End-to-end checklist:

  1. Push this repo to your Git host (Gitea, GitHub, etc.).
  2. On the server: install Docker + Compose v2, clone the repo, copy .env.example.env, run docker compose up -d.
  3. Confirm the UI/API on the mapped host port (default 3005 → container 3001).
  4. Add a cron job that POSTs /api/pipeline/run (see §3).
  5. Optional: Telegram via scripts/jobber-pipeline-telegram.sh, pipeline webhook relay, or n8n (see §4).

Git remote (example)

Replace host, user/org, and repo name with yours:

git remote add gitea git@GITEA_HOST:YOUR_USER/Jobber.git
# or: git remote set-url gitea ...
git push -u gitea main

If you have uncommitted changes:

git add -A && git commit -m "Your message" && git push gitea main

1. Deploy on a Linux VM (bare metal or cloud)

  1. Install Docker and Docker Compose (plugin v2).

  2. Clone from your Git server (SSH or HTTPS):

    git clone git@GITEA_HOST:YOUR_USER/Jobber.git
    cd Jobber
    
  3. Environment:

    cp .env.example .env
    # Edit .env: MODEL / LLM keys, RXRESUME_*, search settings, etc.
    
  4. Start:

    docker compose up -d
    
  5. Open the UI: http://<VM-IP>:3005 (port mapped in docker-compose.yml).

  6. Persist data: compose mounts ./data — back up that directory.


2. Deploy as a container (same image, any host)

Same as the VM path: only Docker is required.
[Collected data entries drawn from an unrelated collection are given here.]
Lemma tau_bracket w t1 t2 :
  0 < w -> mass w t1 < target -> target < mass w t2 -> t1 < tau w < t2.
Proof.
  intros Hw H1 H2. destruct (tau_spec w Hw) as [_ E].
  split; apply Rnot_le_lt; intros [Hlt|Heq].
  - generalize (mass_lt w _ _ Hw Hlt); lra.
  - rewrite Heq in E; lra.
  - generalize (mass_lt w _ _ Hw Hlt); lra.
  - rewrite <- Heq in E; lra.
Qed.

Lemma tau_unique w t : 0 < w -> mass w t = target -> t = tau w.
Proof.
  intros Hw E. destruct (tau_spec w Hw) as [_ Et].
  destruct (Rtotal_order t (tau w)) as [H|[H|H]]; auto;
    generalize (mass_lt w _ _ Hw H); lra.
Qed.

Lemma tau_continuous w0 : 0 < w0 -> continuity_pt tau w0.
Proof.
  intros Hw0 eps Heps.
  destruct (tau_spec w0 Hw0) as [_ E0].
  set (t1 := tau w0 - eps / 2). set (t2 := tau w0 + eps / 2).
  assert (P1 : mass w0 t1 < target) by (rewrite <- E0; apply mass_lt; unfold t1; lra).
  assert (P2 : target < mass w0 t2) by (rewrite <- E0; apply mass_lt; unfold t2; lra).
  assert (Hcont : forall t, continuity_pt (fun w => mass w t) w0).
  { intros t. apply (window_continuous_along gauss_int gauss_int (fun _ => t));
      try (intros; eexists; apply gauss_int_derive); auto.
    apply continuity_pt_const; intros ? ?; reflexivity. }
  destruct (Hcont t1 (target - mass w0 t1) ltac:(lra)) as [d1 [Hd1 D1]].
  destruct (Hcont t2 (mass w0 t2 - target) ltac:(lra)) as [d2 [Hd2 D2]].
  exists (Rmin (Rmin d1 d2) (w0 / 2)). split; [repeat apply Rmin_pos; lra|].
  intros w [_ Hw]. simpl in *. unfold R_dist in *.
  assert (Hm := Rmin_l (Rmin d1 d2) (w0 / 2)). assert (Hm' := Rmin_r (Rmin d1 d2) (w0 / 2)).
  assert (Hm1 := Rmin_l d1 d2). assert (Hm2 := Rmin_r d1 d2).
  assert (Hwp : 0 < w) by (apply Rabs_def2 in Hw; lra).
  destruct (Req_dec w w0) as [->|Hne]; [rewrite Rminus_eq_0, Rabs_R0; lra|].
  assert (A1 : Rabs (mass w t1 - mass w0 t1) < target - mass w0 t1)
    by (apply D1; split; [split; [exact Logic.I | auto] | simpl; unfold R_dist; lra]).
  assert (A2 : Rabs (mass w t2 - mass w0 t2) < mass w0 t2 - target)
    by (apply D2; split; [split; [exact Logic.I | auto] | simpl; unfold R_dist; lra]).
  apply Rabs_def2 in A1. apply Rabs_def2 in A2.
  assert (B := tau_bracket w t1 t2 Hwp ltac:(lra) ltac:(lra)).
  apply Rabs_def1; unfold t1, t2 in B; lra.
Qed.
  • Ensure port 3005 (or your chosen host port) is reachable if you use the UI from another machine.
  • For only API/cron from localhost, bind to 127.0.0.1:3005 by changing the ports: line in docker-compose.yml (e.g. "127.0.0.1:3005:3001").

Inside the container the app listens on 3001; the default host map is 3005 → 3001.
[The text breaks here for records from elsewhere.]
(* Let $f:(0,\infty)\to\mathbb{R}$ be defined by $$f(t)=\frac{e^{-t}}{-\log(1-e^{-t})}.$$ Then $f$ is nondecreasing on $(0,\infty)$, $\lim_{t\to0}f(t)=0$, $\lim_{t\to\infty}f(t)=1$, $1-f(t)\sim e^{-t}/2$ as $t\to\infty$, and $$\int_0^\infty\big(1-f(t)\big)\,dt=\gamma,$$ where $\gamma=-\Gamma'(1)$ is the Euler–Mascheroni constant.
   Context: $g\sim h$ means $g/h\to1$. *)

From Stdlib Require Import Reals.
From Coquelicot Require Import Coquelicot.
Open Scope R_scope.

Definition fE (t : R) : R := exp (- t) / (- ln (1 - exp (- t))).

Definition Gamma (s : R) : R :=
  RInt_gen (fun t => Rpower t (s - 1) * exp (- t)) (at_right 0) (Rbar_locally p_infty).

Definition euler_gamma : R := - Derive Gamma 1.

From Stdlib Require Import Reals Lra.
From Coquelicot Require Import Coquelicot.
Open Scope R_scope.

(* Write u = e^{-t} and L(t) = -ln(1 - e^{-t}), so that f = u / L.  Everything rests on
   the elementary bounds u <= L <= u/(1-u) on (0,1) and u + u^2/2 <= L <= u + u^2/2 + u^3
   for u <= 1/2:
   - f' = u (u/(1-u) - L) / L^2 >= 0, so f is nondecreasing;
   - f <= 1/L <= 1/(-ln t) tends to 0 at 0+, and the third-order bounds give f -> 1 and
     (1 - f)/(u/2) -> 1 at +oo.
   For the integral let E(y) = int_1^y e^{-s}/s ds.  Then t + E(L(t)) is a primitive of 1 - f;
   its limit at 0+ is cinf = E(+oo) and its limit at +oo is c0 = lim_{0+} (E(y) - ln y), so
   int_0^oo (1 - f) = c0 - cinf.  On the other side Gamma(1+h) = int t^h e^{-t}; writing
   t^h e^{-t} = e^{-t} + h ln t e^{-t} + O(h^2 ln^2 t e^{-t}) and integrating ln t e^{-t} with
   the primitive E(x) - e^{-x} ln x gives Gamma(1+h) = 1 + h (cinf - c0) + O(h^2), hence
   Gamma'(1) = cinf - c0 = - int_0^oo (1 - f). *)

Lemma exp_le x y : x <= y -> exp x <= exp y.
Proof. intros [H|H]; [left; apply exp_increasing; auto | subst; lra]. Qed.

Lemma ln_le_sub1 x : 0 < x -> ln x <= x - 1.
Proof. intros Hx. pose proof (exp_ineq1_le (ln x)). rewrite exp_ln in H; lra. Qed.

Lemma sqrt_lt_of_lt_sq y e : 0 < e -> 0 <= y -> y < e * e -> sqrt y < e.
Proof.
  intros He Hy Hye. pose proof (sqrt_sqrt y Hy). pose proof (sqrt_pos y).
  destruct (Rlt_or_le (sqrt y) e); auto. nra.
Qed.

Lemma sqrt_exp t : 0 < t -> sqrt t = exp (ln t / 2).
Proof.
  intros Ht. apply sqrt_lem_1; [lra | left; apply exp_pos |].
  rewrite <- exp_plus. replace (ln t / 2 + ln t / 2) with (ln t) by field. apply exp_ln; auto.
Qed.

Lemma is_derive_continuous (f : R -> R) x l : is_derive f x l -> continuous f x.
Proof.
  intros H. apply (ex_derive_continuous (K:=R_AbsRing) (V:=R_NormedModule)). exists l; exact H.
Qed.

Lemma nondecreasing_of_derive (f df : R -> R) a b : a <= b ->
  (forall x, a <= x <= b -> is_derive f x (df x)) ->
  (forall x, a <= x <= b -> 0 <= df x) -> f a <= f b.
Proof.
  intros Hab Hd Hpos.
  destruct (MVT_gen f a b df) as [c [Hc Heq]];
    rewrite ?Rmin_left, ?Rmax_right in * by lra.
  - intros x Hx. apply Hd. lra.
  - intros x Hx. apply continuity_pt_filterlim, (is_derive_continuous f x (df x)), Hd. lra.
  - specialize (Hpos c Hc). nra.
Qed.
Cron on the host should call the API on the host:

  • Browser: http://127.0.0.1:3005
  • API: same origin; /api/... is served by the app.

If the API is only on a Docker network, use the container name and port 3001 from another container, or publish 3005 on the host and use 127.0.0.1:3005 from cron.


3. Run the pipeline on a schedule (cron)

POST /api/pipeline/run starts the pipeline in the background and returns quickly ({ ok: true, data: { message: "Pipeline started" } }). That is enough for scheduling.

Example crontab (host timezone — adjust hours):

# 08:00, 14:00, 20:00 daily
0 8,14,20 * * * /usr/local/bin/jobops-pipeline-run.sh >> /var/log/jobops-pipeline.log 2>&1

Create /usr/local/bin/jobops-pipeline-run.sh:

#!/usr/bin/env bash
set -euo pipefail
BASE_URL="${JOBOPS_URL:-http://127.0.0.1:3005}"
# If BASIC_AUTH_USER / BASIC_AUTH_PASSWORD are set in .env, uncomment:
# AUTH=(-u "${BASIC_AUTH_USER:?}:${BASIC_AUTH_PASSWORD:?}")

curl -sS -X POST "${BASE_URL}/api/pipeline/run" \
  -H "Content-Type: application/json" \
  -d '{}' \
  "${AUTH[@]:-}" \
  | tee -a /var/log/jobops-pipeline.log
echo >> /var/log/jobops-pipeline.log
sudo chmod +x /usr/local/bin/jobops-pipeline-run.sh

Set JOBOPS_URL in roots crontab or /etc/environment if the app is on another host.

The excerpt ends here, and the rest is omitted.